Exercise description. Please take the lines from the one holding "Record tup4 (gT" through the one holding "(c ^ b^-1) b d" in the data below and copy them exactly.

Extracted material.

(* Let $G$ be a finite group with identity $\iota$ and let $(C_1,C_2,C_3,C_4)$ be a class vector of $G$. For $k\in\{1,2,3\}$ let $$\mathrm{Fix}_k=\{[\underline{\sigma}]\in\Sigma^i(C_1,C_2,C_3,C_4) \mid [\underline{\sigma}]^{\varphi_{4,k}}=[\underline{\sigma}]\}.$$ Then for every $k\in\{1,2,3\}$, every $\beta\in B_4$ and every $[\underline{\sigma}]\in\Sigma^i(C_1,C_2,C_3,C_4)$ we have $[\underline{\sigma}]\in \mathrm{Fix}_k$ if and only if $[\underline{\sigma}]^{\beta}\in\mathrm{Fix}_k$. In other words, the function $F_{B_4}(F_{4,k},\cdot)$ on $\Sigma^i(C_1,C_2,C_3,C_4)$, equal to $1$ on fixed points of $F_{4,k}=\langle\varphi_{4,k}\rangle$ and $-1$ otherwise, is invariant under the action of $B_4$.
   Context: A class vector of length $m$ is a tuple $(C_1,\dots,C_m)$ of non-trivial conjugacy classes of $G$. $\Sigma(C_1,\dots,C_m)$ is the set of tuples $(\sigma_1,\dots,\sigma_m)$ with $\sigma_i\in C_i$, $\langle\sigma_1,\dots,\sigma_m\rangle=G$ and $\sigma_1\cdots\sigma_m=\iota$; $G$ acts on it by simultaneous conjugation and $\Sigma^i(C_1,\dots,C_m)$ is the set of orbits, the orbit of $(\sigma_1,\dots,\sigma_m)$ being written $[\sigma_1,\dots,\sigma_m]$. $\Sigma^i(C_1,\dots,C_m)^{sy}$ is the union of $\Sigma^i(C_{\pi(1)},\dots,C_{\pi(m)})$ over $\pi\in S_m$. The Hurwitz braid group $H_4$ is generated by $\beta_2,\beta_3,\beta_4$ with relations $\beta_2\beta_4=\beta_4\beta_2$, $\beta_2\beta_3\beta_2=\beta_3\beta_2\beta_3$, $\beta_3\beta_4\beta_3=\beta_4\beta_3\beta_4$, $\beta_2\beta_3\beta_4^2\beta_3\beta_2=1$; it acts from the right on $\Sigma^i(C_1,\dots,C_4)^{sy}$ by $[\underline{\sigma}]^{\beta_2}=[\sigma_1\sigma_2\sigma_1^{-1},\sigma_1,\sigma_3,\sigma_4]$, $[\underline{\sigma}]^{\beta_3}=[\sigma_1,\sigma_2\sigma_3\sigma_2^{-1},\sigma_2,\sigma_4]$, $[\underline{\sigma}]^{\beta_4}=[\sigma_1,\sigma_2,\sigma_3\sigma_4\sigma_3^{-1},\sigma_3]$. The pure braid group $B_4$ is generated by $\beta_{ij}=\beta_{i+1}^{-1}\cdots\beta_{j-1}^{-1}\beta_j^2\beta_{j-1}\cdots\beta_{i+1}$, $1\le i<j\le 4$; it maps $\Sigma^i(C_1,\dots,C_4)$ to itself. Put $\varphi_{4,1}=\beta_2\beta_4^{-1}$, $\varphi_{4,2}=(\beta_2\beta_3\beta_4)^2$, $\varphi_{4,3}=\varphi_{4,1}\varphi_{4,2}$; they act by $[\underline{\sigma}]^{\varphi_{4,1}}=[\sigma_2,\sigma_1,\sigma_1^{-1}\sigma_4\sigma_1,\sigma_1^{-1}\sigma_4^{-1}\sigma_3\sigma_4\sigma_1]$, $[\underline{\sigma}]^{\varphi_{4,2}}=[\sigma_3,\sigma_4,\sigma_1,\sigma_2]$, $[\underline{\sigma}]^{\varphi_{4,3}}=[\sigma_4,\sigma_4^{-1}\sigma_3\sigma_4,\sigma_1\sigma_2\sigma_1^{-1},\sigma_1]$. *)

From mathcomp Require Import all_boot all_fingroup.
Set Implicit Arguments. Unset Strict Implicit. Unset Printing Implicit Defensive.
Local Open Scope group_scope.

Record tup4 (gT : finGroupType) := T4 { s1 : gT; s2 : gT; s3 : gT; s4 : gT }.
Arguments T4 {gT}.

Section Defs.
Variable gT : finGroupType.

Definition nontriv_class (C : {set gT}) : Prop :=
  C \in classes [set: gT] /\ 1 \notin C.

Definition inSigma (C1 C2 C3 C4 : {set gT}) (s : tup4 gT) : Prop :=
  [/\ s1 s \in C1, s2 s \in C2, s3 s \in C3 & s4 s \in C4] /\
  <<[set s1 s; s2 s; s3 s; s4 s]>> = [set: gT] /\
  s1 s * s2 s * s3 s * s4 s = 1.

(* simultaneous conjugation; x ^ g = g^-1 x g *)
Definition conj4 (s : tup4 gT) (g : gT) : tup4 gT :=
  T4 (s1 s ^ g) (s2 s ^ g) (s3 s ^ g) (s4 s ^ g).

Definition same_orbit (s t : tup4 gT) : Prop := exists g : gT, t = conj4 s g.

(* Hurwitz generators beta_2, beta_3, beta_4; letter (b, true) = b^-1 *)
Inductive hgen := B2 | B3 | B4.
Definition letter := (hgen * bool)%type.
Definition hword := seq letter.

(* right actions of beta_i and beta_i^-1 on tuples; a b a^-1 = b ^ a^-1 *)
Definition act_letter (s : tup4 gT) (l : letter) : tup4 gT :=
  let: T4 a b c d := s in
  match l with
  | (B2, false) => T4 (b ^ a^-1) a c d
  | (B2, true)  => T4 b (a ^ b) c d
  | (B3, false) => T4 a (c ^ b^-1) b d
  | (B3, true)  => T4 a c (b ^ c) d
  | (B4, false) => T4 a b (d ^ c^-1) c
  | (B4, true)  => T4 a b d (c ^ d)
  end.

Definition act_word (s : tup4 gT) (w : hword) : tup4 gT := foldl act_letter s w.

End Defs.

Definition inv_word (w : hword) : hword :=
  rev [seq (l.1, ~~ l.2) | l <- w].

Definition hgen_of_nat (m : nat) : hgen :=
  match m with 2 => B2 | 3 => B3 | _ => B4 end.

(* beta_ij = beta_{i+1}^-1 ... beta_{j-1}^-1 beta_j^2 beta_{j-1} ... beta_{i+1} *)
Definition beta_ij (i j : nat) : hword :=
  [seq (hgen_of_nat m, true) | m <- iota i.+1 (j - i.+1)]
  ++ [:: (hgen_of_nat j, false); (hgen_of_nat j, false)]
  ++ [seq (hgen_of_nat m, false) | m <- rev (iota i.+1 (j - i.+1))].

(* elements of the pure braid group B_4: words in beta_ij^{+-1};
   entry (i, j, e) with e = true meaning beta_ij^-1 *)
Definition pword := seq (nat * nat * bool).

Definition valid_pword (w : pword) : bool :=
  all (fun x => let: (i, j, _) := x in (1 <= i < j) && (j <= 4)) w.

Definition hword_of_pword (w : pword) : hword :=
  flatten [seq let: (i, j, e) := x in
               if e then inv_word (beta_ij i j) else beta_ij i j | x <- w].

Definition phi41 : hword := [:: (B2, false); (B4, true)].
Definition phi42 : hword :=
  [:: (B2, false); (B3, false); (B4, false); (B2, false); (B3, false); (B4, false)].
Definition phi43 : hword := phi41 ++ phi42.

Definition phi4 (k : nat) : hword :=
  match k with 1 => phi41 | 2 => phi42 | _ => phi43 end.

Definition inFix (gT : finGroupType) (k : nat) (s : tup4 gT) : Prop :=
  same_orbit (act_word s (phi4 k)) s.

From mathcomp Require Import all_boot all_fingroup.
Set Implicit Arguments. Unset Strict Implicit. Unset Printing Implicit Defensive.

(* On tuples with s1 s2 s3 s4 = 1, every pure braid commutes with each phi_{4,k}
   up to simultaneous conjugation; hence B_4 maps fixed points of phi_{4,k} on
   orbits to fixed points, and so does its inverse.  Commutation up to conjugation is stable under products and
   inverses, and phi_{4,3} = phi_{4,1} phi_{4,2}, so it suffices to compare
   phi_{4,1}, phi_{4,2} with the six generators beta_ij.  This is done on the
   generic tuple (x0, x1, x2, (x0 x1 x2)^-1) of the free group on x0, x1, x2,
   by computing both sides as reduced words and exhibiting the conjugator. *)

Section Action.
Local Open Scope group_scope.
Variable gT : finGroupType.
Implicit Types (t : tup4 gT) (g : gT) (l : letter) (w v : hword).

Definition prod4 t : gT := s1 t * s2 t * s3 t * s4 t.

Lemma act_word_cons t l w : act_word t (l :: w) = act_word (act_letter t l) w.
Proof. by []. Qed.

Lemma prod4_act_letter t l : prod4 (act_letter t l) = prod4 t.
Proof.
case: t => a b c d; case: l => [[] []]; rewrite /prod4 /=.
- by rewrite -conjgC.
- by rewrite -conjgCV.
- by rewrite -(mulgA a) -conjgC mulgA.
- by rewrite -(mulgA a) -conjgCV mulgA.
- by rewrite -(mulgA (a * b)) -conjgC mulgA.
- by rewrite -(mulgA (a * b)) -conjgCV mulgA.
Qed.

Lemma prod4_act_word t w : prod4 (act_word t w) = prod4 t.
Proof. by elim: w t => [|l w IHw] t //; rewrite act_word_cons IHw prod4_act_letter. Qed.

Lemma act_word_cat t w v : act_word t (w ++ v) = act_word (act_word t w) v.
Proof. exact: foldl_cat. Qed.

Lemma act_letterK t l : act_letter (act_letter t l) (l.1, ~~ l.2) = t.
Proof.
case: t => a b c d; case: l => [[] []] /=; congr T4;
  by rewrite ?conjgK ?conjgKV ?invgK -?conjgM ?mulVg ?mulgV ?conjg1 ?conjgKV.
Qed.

* * *

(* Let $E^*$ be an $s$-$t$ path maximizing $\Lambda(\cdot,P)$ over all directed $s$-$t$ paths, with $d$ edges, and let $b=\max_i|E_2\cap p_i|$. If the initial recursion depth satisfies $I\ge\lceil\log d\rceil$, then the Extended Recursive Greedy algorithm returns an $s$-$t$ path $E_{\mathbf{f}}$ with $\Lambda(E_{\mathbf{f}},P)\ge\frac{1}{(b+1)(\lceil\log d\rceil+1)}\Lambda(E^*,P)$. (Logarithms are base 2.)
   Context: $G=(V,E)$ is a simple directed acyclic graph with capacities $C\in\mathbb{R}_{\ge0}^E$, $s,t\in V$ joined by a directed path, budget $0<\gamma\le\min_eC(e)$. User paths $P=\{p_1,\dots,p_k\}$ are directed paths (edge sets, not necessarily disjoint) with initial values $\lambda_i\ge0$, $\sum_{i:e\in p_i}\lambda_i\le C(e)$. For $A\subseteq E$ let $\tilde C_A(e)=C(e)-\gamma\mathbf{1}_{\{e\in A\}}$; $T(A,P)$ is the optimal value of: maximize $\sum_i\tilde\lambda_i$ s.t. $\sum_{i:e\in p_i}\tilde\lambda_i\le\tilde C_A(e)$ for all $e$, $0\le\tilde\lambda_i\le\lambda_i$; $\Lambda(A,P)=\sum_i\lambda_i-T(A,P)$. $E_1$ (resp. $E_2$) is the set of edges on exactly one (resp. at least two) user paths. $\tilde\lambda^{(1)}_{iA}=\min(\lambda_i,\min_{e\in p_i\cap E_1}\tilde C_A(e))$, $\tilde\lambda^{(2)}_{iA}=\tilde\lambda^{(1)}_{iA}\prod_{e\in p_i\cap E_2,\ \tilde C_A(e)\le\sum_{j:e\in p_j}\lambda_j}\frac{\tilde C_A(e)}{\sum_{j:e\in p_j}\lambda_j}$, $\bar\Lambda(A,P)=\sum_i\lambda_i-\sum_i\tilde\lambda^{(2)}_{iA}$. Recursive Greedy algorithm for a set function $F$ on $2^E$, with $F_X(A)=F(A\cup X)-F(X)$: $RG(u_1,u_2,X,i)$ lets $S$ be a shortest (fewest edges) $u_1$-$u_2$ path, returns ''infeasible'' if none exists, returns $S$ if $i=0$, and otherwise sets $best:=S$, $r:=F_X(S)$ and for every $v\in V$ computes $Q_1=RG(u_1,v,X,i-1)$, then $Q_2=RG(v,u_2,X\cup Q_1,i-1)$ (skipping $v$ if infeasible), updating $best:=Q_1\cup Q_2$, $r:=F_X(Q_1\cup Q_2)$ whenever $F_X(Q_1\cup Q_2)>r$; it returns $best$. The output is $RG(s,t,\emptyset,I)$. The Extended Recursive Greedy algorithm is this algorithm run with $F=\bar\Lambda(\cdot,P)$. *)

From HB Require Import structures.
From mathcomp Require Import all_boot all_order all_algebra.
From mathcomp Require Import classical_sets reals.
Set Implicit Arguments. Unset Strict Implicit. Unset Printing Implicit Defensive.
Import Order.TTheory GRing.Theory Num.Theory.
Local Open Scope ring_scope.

Problem solution.
Record tup4 (gT : finGroupType) := T4 { s1 : gT; s2 : gT; s3 : gT; s4 : gT }.
Arguments T4 {gT}.

Section Defs.
Variable gT : finGroupType.

Definition nontriv_class (C : {set gT}) : Prop :=
  C \in classes [set: gT] /\ 1 \notin C.

Definition inSigma (C1 C2 C3 C4 : {set gT}) (s : tup4 gT) : Prop :=
  [/\ s1 s \in C1, s2 s \in C2, s3 s \in C3 & s4 s \in C4] /\
  <<[set s1 s; s2 s; s3 s; s4 s]>> = [set: gT] /\
  s1 s * s2 s * s3 s * s4 s = 1.

(* simultaneous conjugation; x ^ g = g^-1 x g *)
Definition conj4 (s : tup4 gT) (g : gT) : tup4 gT :=
  T4 (s1 s ^ g) (s2 s ^ g) (s3 s ^ g) (s4 s ^ g).

Definition same_orbit (s t : tup4 gT) : Prop := exists g : gT, t = conj4 s g.

(* Hurwitz generators beta_2, beta_3, beta_4; letter (b, true) = b^-1 *)
Inductive hgen := B2 | B3 | B4.
Definition letter := (hgen * bool)%type.
Definition hword := seq letter.

(* right actions of beta_i and beta_i^-1 on tuples; a b a^-1 = b ^ a^-1 *)
Definition act_letter (s : tup4 gT) (l : letter) : tup4 gT :=
  let: T4 a b c d := s in
  match l with
  | (B2, false) => T4 (b ^ a^-1) a c d
  | (B2, true)  => T4 b (a ^ b) c d
  | (B3, false) => T4 a (c ^ b^-1) b d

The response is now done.